Yanlış: "Sevgili", TRT'nin değil, dinleyicilerin tanımlayıcısıdır. Doğrusu: "Merhaba, TRT 3'ün sevgili dinleyicileri!"

"Dünyanın ilk üç bıçaklı tıraş makinesi." (Reklam)

Yanlış: "İlk", üç bıçaklının değil, traş makinesinin  tamlayıcısıdır. Bu, sadece diziliş bakımından değil, söyleyiş vurgusu bakımından da önemlidir.

Doğrusu: Dünyanın üç bıçaklı ilk traş makinesi.

"İstemeden pasonuzu gösteriniz."

Yanlış: Duyurudan "İstemeye istemeye de olsa pasonuzu göstermelisiniz" anlamı çıkıyor. Oysa "sizden istenmesini beklemeden, kendiliğinizden pasonuzu göstermelisiniz" denmek isteniyor. Doğrusu: Lütfen istenmeden pasonuzu gösteriniz.

"Arkadaşlarımın çoğu yazılarımı okumuyor. Hayat gailesinden. Çok gaileler içinde insanlar."

Yanlış: 1. Bir önceki cümlede "Hayat gailesinden" denerek sorun açıklanıyor. Tekrar aynı şeyi yazmak, gereksiz.  2. Çokluk bildiren bir sözcük ile çokluk eki bir arada kullanılmaz; "çok insanlar", "çok sorunlar", "birçok öğrenciler" gibi. Doğrusu: Arkadaşlarımın çoğu, hayat gailesinden yazılarımı okuyamıyor.

"Ürettikleri kötü kalite çorapları rahip kılığında satmaya çalışan iki kafadarın maceraları." Film tanıtım broşüründen

Yanlış: İki kafadar çorapları mı rahip kılığına sokup satıyorlar yoksa kendileri mi rahip kılığına giriyorlar? Mantıksal olarak ikincisi ama cümleye göre birincisi!  Doğrusu:  Ürettikleri kötü kalite çorapları rahip kılığına girerek satmaya çalışan iki kafadarın maceraları.

"Denizli ve Aydın'ın Kuşadası ilçelerinde dün gece hafif şiddette iki deprem yaşandı."

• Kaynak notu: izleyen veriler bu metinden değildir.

(* There exists a constant $c>0$ such that for all even $n>2$ and all odd $d>1$, the set $\mathrm{Zer}_1(d,n)=\{A\in\Omega_1(d,n):\operatorname{Per}(A)=0\}$ has dimension at least $cn^{3/2}$; that is, there is a set $V$ of vertices of $\Omega_1(d,n)$ whose convex hull is contained in $\mathrm{Zer}_1(d,n)$ and has affine dimension at least $cn^{3/2}$.
   Context: Let $I_n=\{1,\dots,n\}$. A $d$-dimensional matrix of order $n$ is a function $I_n^d\to\mathbb R$. A line is the set of positions obtained by varying one coordinate and fixing the others. A diagonal is a selection of $n$ positions any two of which differ in every coordinate; $\operatorname{Per}(A)$ is the sum over diagonals of the product of the entries on the diagonal. $\Omega_1(d,n)$ is the convex polytope of non-negative $d$-dimensional matrices of order $n$ whose entries in each line sum to $1$. The dimension of $\mathrm{Zer}_1(d,n)$ is the maximum dimension of a polytope $\mathrm{Hull}(V)$, $V$ a set of vertices of $\Omega_1(d,n)$, with $\mathrm{Hull}(V)\subseteq\mathrm{Zer}_1(d,n)$. *)

From HB Require Import structures.
From mathcomp Require Import all_boot all_order all_algebra.
From mathcomp Require Import reals.
Set Implicit Arguments. Unset Strict Implicit. Unset Printing Implicit Defensive.
Import Order.TTheory GRing.Theory Num.Theory.
Local Open Scope ring_scope.

(* Positions of a d-dimensional matrix of order n: elements of I_n^d,
   encoded as functions 'I_d -> 'I_n (coordinates 0..n-1). *)
Definition pos (d n : nat) := {ffun 'I_d -> 'I_n}.
(* Consider instances with indivisible items. There is no (possibly randomized) mechanism $M$ that is individually rational, truthful in expectation and budget feasible in expectation, together with constants $\alpha>1-1/e$ and $\theta_0>0$, such that on every instance with $c_{\max}/B\le\theta_0$ the expected utility of $M$ is at least $\alpha U^\star$. That is, no such mechanism achieves a (large-market) approximation ratio better than $1-1/e$.
   Context: A buyer with budget $B>0$ faces a finite set $S$ of sellers; seller $i$ owns one indivisible item giving the buyer utility $u_i>0$ and has a private cost $c_i\ge0$; $c_{\max}=\max_i c_i$. $U^\star=\max\{\sum_{i\in T}u_i: T\subseteq S,\ \sum_{i\in T}c_i\le B\}$. A randomized mechanism maps the reported cost vector to a random set of winners $W\subseteq S$ and random payments $p_i\ge0$. It is truthful in expectation if for every seller $i$, every true cost $c_i$, every report $\bar c_i$ and every reports $c_{-i}$ of the others, $\mathbb E[p_i-c_i\mathbf 1[i\in W]]$ under report $(\bar c_i,c_{-i})$ is at most its value under $(c_i,c_{-i})$; individually rational in expectation if $\mathbb E[p_i]\ge c_i\Pr[i\in W]$ under truthful reports; budget feasible in expectation if $\mathbb E[\sum_i p_i]\le B$. Its utility is $\sum_{i\in W}u_i$. *)

From HB Require Import structures.
From mathcomp Require Import all_boot all_order all_algebra.
From mathcomp Require Import reals sequences exp.
Set Implicit Arguments. Unset Strict Implicit. Unset Printing Implicit Defensive.
Import Order.TTheory GRing.Theory Num.Theory.
Local Open Scope ring_scope.

Definition outcome (R : eqType) (n : nat) : Type := ({set 'I_n} * {ffun 'I_n -> R})%type.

Yanlış: Öğelerin sıralanışındaki ve çokluk ekinin kullanılışındaki yanlışlık nedeniyle, hem Denizli'nin hem de Aydın'ın Kuşadası ilçesi varmış gibi anlaşılıyor. Doğrusu:  Aydın'ın Kuşadası ilçesinde ve Denizli'de dün gece hafif şiddette iki deprem yaşandı.

"Kurudu dudaklar / Çorak çöle döndü." (Şarkı sözü )

Yanlış: Sulak, bereketli çöl olmaz. Çöl, zaten çoraktır.

Doğrusu: Kurudu dudaklar/ Çöle döndü.

"Yollar bir dolu tehlikelerle dolu."

Yanlış: 1. "Bir dolu", zaten çokluk ifade ediyorken tamladığı sözcüğün de çokluk eki almasına gerek yoktur.

2. Kısacık bir cümlede aynı sözcük iki kez kullanılmamalıdır. Doğrusu: Yollar birçok tehlikeyle dolu.